We use a dedicated exchange:

outbox.dlx

Instead of reusing the original event routing key (e.g. order.created), we publish using the DLQ name itself as the routing key:

order-service.dlq

The Order Service declares and binds:

Queue: order-service.dlq
Binding key: order-service.dlq

Using the DLQ name as the routing key makes DLQ ownership explicit and keeps failed events isolated per microservice, without overloading domain event routing keys with failure semantics.

Once published to the DLQ, the outbox event is marked as failed and is no longer eligible for retries.

If DLQ publishing fails, the event remains failed and is surfaced via logs and metrics. DLQs are an operational signal, not a delivery guarantee.

At this point, retries are no longer a best-effort loop, they’re a durable, observable state machine, with the outbox as the single source of truth.

Consumer-Side Retries Using Dead-Letter Exchanges

Once a message is successfully published, failures shift from the broker to the consumer. These failures fall into two broad categories:

Retrying both the same way is a mistake. Retrying permanent failures wastes resources, while retrying transient failures incorrectly can amplify load and slow down the entire system.

For consumer-side retries, we rely on RabbitMQ dead-letter exchanges (DLX) instead of retrying in application code.

Retry Topology

Retries are modeled as explicit retry levels, each with its own delay:

RetryConfig{
Levels: []RetryLevel{
{"retry.30s", 30 * time.Second},
{"retry.1m", 1 * time.Minute},
{"retry.5m", 5 * time.Minute},
},
}

Each retry level consists of:

When a message expires in a retry queue, RabbitMQ automatically republishes it to the original exchange using the same routing key.

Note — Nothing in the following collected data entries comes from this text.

(* Let $S$ be a semibounded relation in $\mathfrak H$ with lower bound $\gamma\in\mathbb R$, let $c\le\gamma$, let $Q_c$ be a representing map for $\mathfrak t(S)-c$ and $J_c$ its companion relation. Then: (1) $\mathrm{mul}\,J_c=\mathrm{ran}\,(S-c)\cap\mathrm{mul}\,S^*$. (2) $\psi'\in\mathrm{mul}\,J_c^{**}$ if and only if there is a sequence $\{\varphi_n,\varphi_n'\}\in S$ with $\varphi_n'-c\varphi_n\to\psi'$ and $(\varphi_n'-c\varphi_n,\varphi_n)\to0$. (3) $\psi'\in\mathrm{dom}\,J_c^*$ if and only if there is $C_{\psi'}<\infty$ such that $|(\varphi',\psi')|^2\le C_{\psi'}(\varphi',\varphi)$ for all $\{\varphi,\varphi'\}\in S-c$.
   Context: Linear relations are linear subspaces $T\subset\mathfrak H\times\mathfrak K$ with $\mathrm{dom}\,T$, $\mathrm{ran}\,T$, $\mathrm{mul}\,T=\{g:\{0,g\}\in T\}$; $T^*=\{\{h,k\}\in\mathfrak K\times\mathfrak H:(k,f)=(h,g)\ \forall\{f,g\}\in T\}$; $T^{**}$ is the closure; $S-c=\{\{f,g-cf\}:\{f,g\}\in S\}$. $S$ is semibounded with lower bound $\gamma$ if $\gamma$ is the supremum of all $c$ with $(\varphi',\varphi)\ge c\|\varphi\|^2$ for all $\{\varphi,\varphi'\}\in S$. The form $\mathfrak t(S)[\varphi,\psi]=(\varphi',\psi)$ on $\mathrm{dom}\,S$. A representing map for $\mathfrak t(S)-c$ is a linear operator $Q_c$ from $\mathfrak H$ to a Hilbert space $\mathfrak K_c$ with $\mathrm{dom}\,Q_c=\mathrm{dom}\,S$ and $\mathfrak t(S)[\varphi,\psi]=c(\varphi,\psi)+(Q_c\varphi,Q_c\psi)$. Its companion relation is $J_c=\{\{Q_c\varphi,\varphi'-c\varphi\}:\{\varphi,\varphi'\}\in S\}\subset\mathfrak K_c\times\mathfrak H$. *)

From HB Require Import structures.
From mathcomp Require Import all_boot all_order all_algebra.
From mathcomp Require Import boolp classical_sets reals.
From mathcomp Require Import complex.
Set Implicit Arguments. Unset Strict Implicit. Unset Printing Implicit Defensive.
Import Order.TTheory GRing.Theory Num.Theory.
Local Open Scope ring_scope.
Local Open Scope classical_set_scope.

Section Hilbert.
Variable R : realType.
Local Notation C := R[i].

Definition hnorm (V : lmodType C) (ip : V -> V -> C) (x : V) : R :=
  Num.sqrt (complex.Re (ip x x)).

Definition hcvg (V : lmodType C) (ip : V -> V -> C) (u : nat -> V) (l : V) :=
  forall eps : R, 0 < eps -> exists N : nat, forall n, (N <= n)%N ->
    hnorm ip (u n - l) < eps.

Definition hcauchy (V : lmodType C) (ip : V -> V -> C) (u : nat -> V) :=
  forall eps : R, 0 < eps -> exists N : nat, forall n m, (N <= n)%N -> (N <= m)%N ->
    hnorm ip (u n - u m) < eps.

Definition ccvg (u : nat -> C) (l : C) :=
  forall eps : R, 0 < eps -> exists N : nat, forall n, (N <= n)%N ->
    `|u n - l| < eps%:C%C.

Record is_hilbert (V : lmodType C) (ip : V -> V -> C) : Prop := {
  ip_conj : forall x y, ip y x = (ip x y)^*;
  ip_linear : forall (a : C) x y z, ip (a *: x + y) z = a * ip x z + ip y z;
  ip_ge0 : forall x, 0 <= ip x x;
  ip_eq0 : forall x, ip x x = 0 -> x = 0;
  ip_complete : forall u, hcauchy ip u -> exists l, hcvg ip u l
}.

Definition linrel (H K : lmodType C) (T : set (H * K)) : Prop :=
  T (0, 0) /\ forall (a : C) f g f' g', T (f, g) -> T (f', g') ->
    T (a *: f + f', a *: g + g').

Definition lr_dom (H K : Type) (T : set (H * K)) : set H :=
  [set f | exists g, T (f, g)].
Definition lr_ran (H K : Type) (T : set (H * K)) : set K :=
  [set g | exists f, T (f, g)].
Definition lr_mul (H K : lmodType C) (T : set (H * K)) : set K :=
  [set g | T (0, g)].

Definition lr_adj (H K : lmodType C) (ipH : H -> H -> C) (ipK : K -> K -> C)
  (T : set (H * K)) : set (K * H) :=
  [set hk | forall f g, T (f, g) -> ipH hk.2 f = ipK hk.1 g].
(* Let $N\in\mathbb N$ and let $X$ be a real Banach space of dimension $2^N+1$ with a dual skipped 1-unconditional basis $(f_k)_{k=1}^{2^N+1}$. Suppose $\mathrm{ubc}(f_1,f_{2^N+1})=\mu>1$. Then $\mathrm{ubc}(f_j)_{j=1}^{2^N+1}\ge1+2^N(\mu-1)$.
   Context: A basic sequence $(e_k)_{k=1}^N$ ($1\le N\le\infty$) is skipped $\lambda$-unconditional if whenever $0=m_0<m_1<\dots<m_n<\infty$ with $m_j-m_{j-1}\ge2$ for $1\le j\le n$, and $y_j\in[e_i]_{i=m_{j-1}+1}^{m_j-1}$ (spans taken only over indices $i\le N$), then $\|\sum_{j=1}^n\epsilon_jy_j\|\le\lambda\|\sum_{j=1}^ny_j\|$ for all signs $\epsilon_j=\pm1$. A basis $(f_k)_{k=1}^M$ of a finite-dimensional space $F$ is dual skipped $\lambda$-unconditional if its dual (biorthogonal) basis $(f_k^* )_{k=1}^M$ in $F^*$ is skipped $\lambda$-unconditional. For a finite linearly independent sequence $(f_j)_{j\in A}$, $\mathrm{ubc}(f_j)_{j\in A}$ is the least $K$ such that $\|\sum_{j\in A}\epsilon_ja_jf_j\|\le K\|\sum_{j\in A}a_jf_j\|$ for all scalars $a_j$ and signs $\epsilon_j=\pm1$. *)

From Stdlib Require Import Reals.
Open Scope R_scope.

(* Model: an n-dimensional real normed space X with basis (f_k)_{k=1}^n is
   identified (isometrically) with coefficient vectors a : nat -> R (only the
   coordinates 1..n matter), with norm  nrm a := || sum_{k=1}^n a_k f_k ||.
   The basis vector f_k is the k-th unit coefficient vector. *)

Fixpoint sumR (n : nat) (F : nat -> R) : R :=
  match n with
  | O => 0
  | S m => sumR m F + F (S m)
  end.

Record is_norm (n : nat) (nrm : (nat -> R) -> R) : Prop := {
  nrm_ext : forall a b, (forall k, (1 <= k <= n)%nat -> a k = b k) -> nrm a = nrm b;
  nrm_nonneg : forall a, 0 <= nrm a;
  nrm_def : forall a, nrm a = 0 -> forall k, (1 <= k <= n)%nat -> a k = 0;
  nrm_hom : forall c a, nrm (fun k => c * a k) = Rabs c * nrm a;
  nrm_tri : forall a b, nrm (fun k => a k + b k) <= nrm a + nrm b
}.

(* Functionals on X: phi = sum_k b_k fstar_k  acts by  phi(a) = sum_k b_k a_k.
   dual_le n nrm b c  <->  ||phi|| in X-dual <= c. *)
Definition dual_le (n : nat) (nrm : (nat -> R) -> R) (b : nat -> R) (c : R) : Prop :=
  forall a, Rabs (sumR n (fun k => b k * a k)) <= c * nrm a.

(* dualnorm psi <= lam * dualnorm phi  (the dual norm is the least such c). *)
Definition dual_norm_le (n : nat) (nrm : (nat -> R) -> R)
  (psi : nat -> R) (lam : R) (phi : nat -> R) : Prop :=
  forall c, dual_le n nrm phi c -> dual_le n nrm psi (lam * c).

(* The dual basis (fstar_k)_{k=1}^n is skipped lam-unconditional. Blocks
   y_1..y_nb, y_j in span{fstar_i : m_{j-1} < i < m_j, i <= n}. *)
Definition dual_skipped_unc (n : nat) (nrm : (nat -> R) -> R) (lam : R) : Prop :=
  forall (nb : nat) (m : nat -> nat) (y : nat -> nat -> R) (eps : nat -> R),
    m O = O ->
    (forall j, (1 <= j <= nb)%nat -> (m (j - 1) + 2 <= m j)%nat) ->
    (forall j k, (1 <= j <= nb)%nat -> y j k <> 0 ->
        (m (j - 1) < k < m j)%nat /\ (k <= n)%nat) ->
    (forall j, eps j = 1 \/ eps j = -1) ->
    dual_norm_le n nrm
      (fun k => sumR nb (fun j => eps j * y j k)) lam
      (fun k => sumR nb (fun j => y j k)).

Definition ubc_bound (nrm : (nat -> R) -> R) (A : nat -> Prop) (K : R) : Prop :=
  forall (a eps : nat -> R),
    (forall j, eps j = 1 \/ eps j = -1) ->
    (forall k, ~ A k -> a k = 0) ->
    nrm (fun k => eps k * a k) <= K * nrm a.
Lemma d3xyy0 (Hxy : V -> 'M[R]_(n, p)) (z : V) : d3xyy Hxy z 0 = 0.
Proof. by rewrite /d3xyy diff_quotient_dir0 lim_cst. Qed.

Lemma d3yyy0 (Hyy : V -> 'M[R]_p) (z : V) : d3yyy Hyy z 0 = 0.
Proof. by rewrite /d3yyy diff_quotient_dir0 lim_cst. Qed.

Lemma Dh_eq_Dhat Df grady Hxy Hyy (beta : R) (z : V) : grady z = 0 ->
  Dh Df grady Hxy Hyy beta z = Dhat Df grady Hxy Hyy beta z.
Proof.
move=> g0; rewrite /Dh /Dhat /JAx /JAy g0 mulmx0 d3xyy0 d3yyy0.
apply: eq_imagel => d _.
by rewrite !(mul0mx, mulmx0, scaler0, addr0, subr0) -mulmxA mulNmx.
Qed.

End Stationarity.

Lemma stationary_grad_eq0 (R : realType) (p : nat) (H D : 'M[R]_p)
    (g d : 'cV[R]_p) (mu M Q beta : R) :
  0 < mu -> 0 < M -> 0 < Q ->
  (forall v, 0 <= cinner v ((H - mu%:M) *m v)) ->
  opnorm_le D (Q * cnorm (invmx H *m g)) -> cnorm d <= M ->
  2 * M * Q / mu ^+ 3 <= beta ->
  D *m (invmx H *m d) + beta *: (H *m g) = 0 -> g = 0.
Proof.
move=> mu_gt0 M_gt0 Q_gt0 H_ge DQ dM beta_ge stat.
set u := invmx H *m g; set w := invmx H *m d; set c := cnorm g.
have beta_mu3 : 2 * M * Q <= beta * mu ^+ 3 by rewrite -ler_pdivrMr ?exprn_gt0.
have beta_ge0 : 0 <= beta.
  by rewrite -(pmulr_lge0 _ (exprn_gt0 3 mu_gt0)); apply: le_trans beta_mu3; nra.
have u_le : mu * cnorm u <= c := cnorm_invmx_le H_ge mu_gt0 g.
have w_le : mu * cnorm w <= M := le_trans (cnorm_invmx_le H_ge mu_gt0 d) dM.
have test_g : beta * cinner g (H *m g) = - cinner g (D *m w).
  by apply/eqP; rewrite -addr_eq0 addrC -cinnerZr -cinnerDr stat cinner0r.
have key : beta * (mu * c ^+ 2) <= c * (Q * cnorm u * cnorm w).
  rewrite cnorm_sq; apply: le_trans (ler_wpM2l beta_ge0 (cinner_mx_ge H_ge g)) _.
  rewrite test_g; apply: le_trans (ler_norm _) _.
  by rewrite normrN; exact: cinner_opnorm_le.
have c_ge0 : 0 <= c := cnorm_ge0 g.
have u_ge0 := cnorm_ge0 u; have w_ge0 := cnorm_ge0 w.
apply: (@cnorm_eq0 R p g); rewrite -/c.
have bound : beta * mu ^+ 3 * c ^+ 2 <= M * Q * c ^+ 2.
  have uw : mu * cnorm u * (mu * cnorm w) <= c * M.
    by apply: ler_pM => //; rewrite mulr_ge0 // ltW.
  have -> : beta * mu ^+ 3 * c ^+ 2 = mu ^+ 2 * (beta * (mu * c ^+ 2)) by ring.
  apply: le_trans (ler_wpM2l (sqr_ge0 mu) key) _.
  have -> : mu ^+ 2 * (c * (Q * cnorm u * cnorm w)) =
    c * Q * (mu * cnorm u * (mu * cnorm w)) by ring.
  have -> : M * Q * c ^+ 2 = c * Q * (c * M) by ring.
  by rewrite ler_wpM2l // mulr_ge0 // ltW.
have MQc2 : M * Q * c ^+ 2 <= 0 by nra.
apply/eqP; rewrite -sqrf_eq0 eq_le sqr_ge0 andbT.
by rewrite -(pmulr_rle0 _ (mulr_gt0 M_gt0 Q_gt0)).
Qed.

Theorem proposition4p3 (R : realType) (n p : nat)
  (f g : 'cV[R]_n * 'cV[R]_p -> R)
  (Df : 'cV[R]_n * 'cV[R]_p -> set ('cV[R]_n * 'cV[R]_p))
  (gradx : 'cV[R]_n * 'cV[R]_p -> 'cV[R]_n)
  (grady : 'cV[R]_n * 'cV[R]_p -> 'cV[R]_p)
  (Hxy : 'cV[R]_n * 'cV[R]_p -> 'M[R]_(n, p))
  (Hyy : 'cV[R]_n * 'cV[R]_p -> 'M[R]_p)
  (Mf mu Lg Qg beta : R) :
  (* (A1) *)
  0 < Mf -> 0 < mu -> 0 < Lg -> 0 < Qg ->
  lipschitz_fun Mf f ->
  (* g differentiable with gradient (gradx, grady) *)
  (forall z, differentiable g z /\
     forall h, 'd g z h = cinner (gradx z) h.1 + cinner (grady z) h.2) ->
  (* g twice differentiable; Hxy, Hyy are the blocks of its Hessian *)
  (forall z, differentiable gradx z /\ differentiable grady z /\
     forall h, 'd grady z h = (Hxy z)^T *m h.1 + Hyy z *m h.2) ->
  (forall z (v : 'cV[R]_p), 0 <= cinner v ((Hyy z - mu%:M) *m v)) ->
  lipschitz_map Lg (fun z => (gradx z, grady z)) ->
  lipschitz_mx Qg Hyy ->
  lipschitz_mx Qg Hxy ->
  (forall z, differentiable Hyy z) ->
  (forall h, continuous (fun z => 'd Hyy z h)) ->
  (* (A2) *)
  potential_of f Df ->
  (forall z, convex_setV (Df z)) ->
  (forall z v, Df z v -> pnorm v <= Mf) ->
  (* step-size condition *)
  2 * Mf * Qg / mu ^+ 3 <= beta ->
  forall (x : 'cV[R]_n) (y : 'cV[R]_p),
    Dh Df grady Hxy Hyy beta (x, y) 0 <-> Dhat Df grady Hxy Hyy beta (x, y) 0.
Proof.
move=> Mf_gt0 mu_gt0 _ Qg_gt0 _ _ _ Hyy_ge _ Hyy_lip _ Hyy_diff _ _ _ Df_le.
move=> beta_ge x y.
set z := (x, y).
have beta_gt0 : 0 < beta.
  apply: lt_le_trans beta_ge.
  by rewrite divr_gt0 ?exprn_gt0 // !mulr_gt0.
split=> [[d Df_d stat] | [d Df_d stat]].
- have g0 : grady z = 0.
    apply: (stationary_grad_eq0 mu_gt0 Mf_gt0 Qg_gt0 (Hyy_ge z)
      (d3yyy_opnorm_le _ Hyy_lip (Hyy_diff z))
      (le_trans (cnorm_le_pnorm2 d) (Df_le _ _ Df_d)) beta_ge).
    by have := congr1 snd stat; rewrite /= /JAy -mulmxA.
  by rewrite -Dh_eq_Dhat //; exists d.
- have g0 : grady z = 0.
    have /eqP := congr1 snd stat; rewrite /= scaler_eq0 gt_eqF //=.
    by move/eqP.
  by rewrite Dh_eq_Dhat //; exists d.
Qed.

This design allows a single retry topology to handle multiple event types (order.created, order.updated, etc.) without creating per-routing-key queues.

Classifying Failures

The consumer explicitly signals whether a failure is retryable:

var (
ErrPermanent = errors.New("permanent error")
ErrTransient = errors.New("transient error")
)

Examples:

if err := json.Unmarshal(message.Body, &body); err != nil {
return fmt.Errorf("%w: failed to unmarshal message body", ErrPermanent)
}

This keeps retry decisions deterministic and easy to reason about.

Retrying a Message

Retries are handled by republishing the message to the next retry exchange.

Retry state is tracked via headers:

headers["x-retry-count"] = retryCount + 1

Publish(
exchange: "outbox.events.retry.30s",
routingKey: message.RoutingKey,
)

The original message is always ACKed, regardless of success or failure.

We never rely on broker re-delivery. Retries are explicit and fully controlled by retry queues.

Why There Is No Native Jitter on the Consumer Side

TTL-based retries in RabbitMQ are deterministic: messages expire at fixed intervals and are re-queued at the same time they were originally published. Unlike producer-side retry logic, consumers do not have a natural place to introduce per-message jitter without delaying acknowledgements or holding messages in memory.

As a result, when many messages fail simultaneously, retries tend to align and create short-lived spikes in traffic. In high-throughput systems, one way to mitigate this is to shard retry queues per retry level and route messages deterministically using a hash of message identity. This spreads retries over time without introducing artificial sleeps or per-message jitter, though it’s generally better to observe retry behavior and throughput in production before optimizing the retry strategy further.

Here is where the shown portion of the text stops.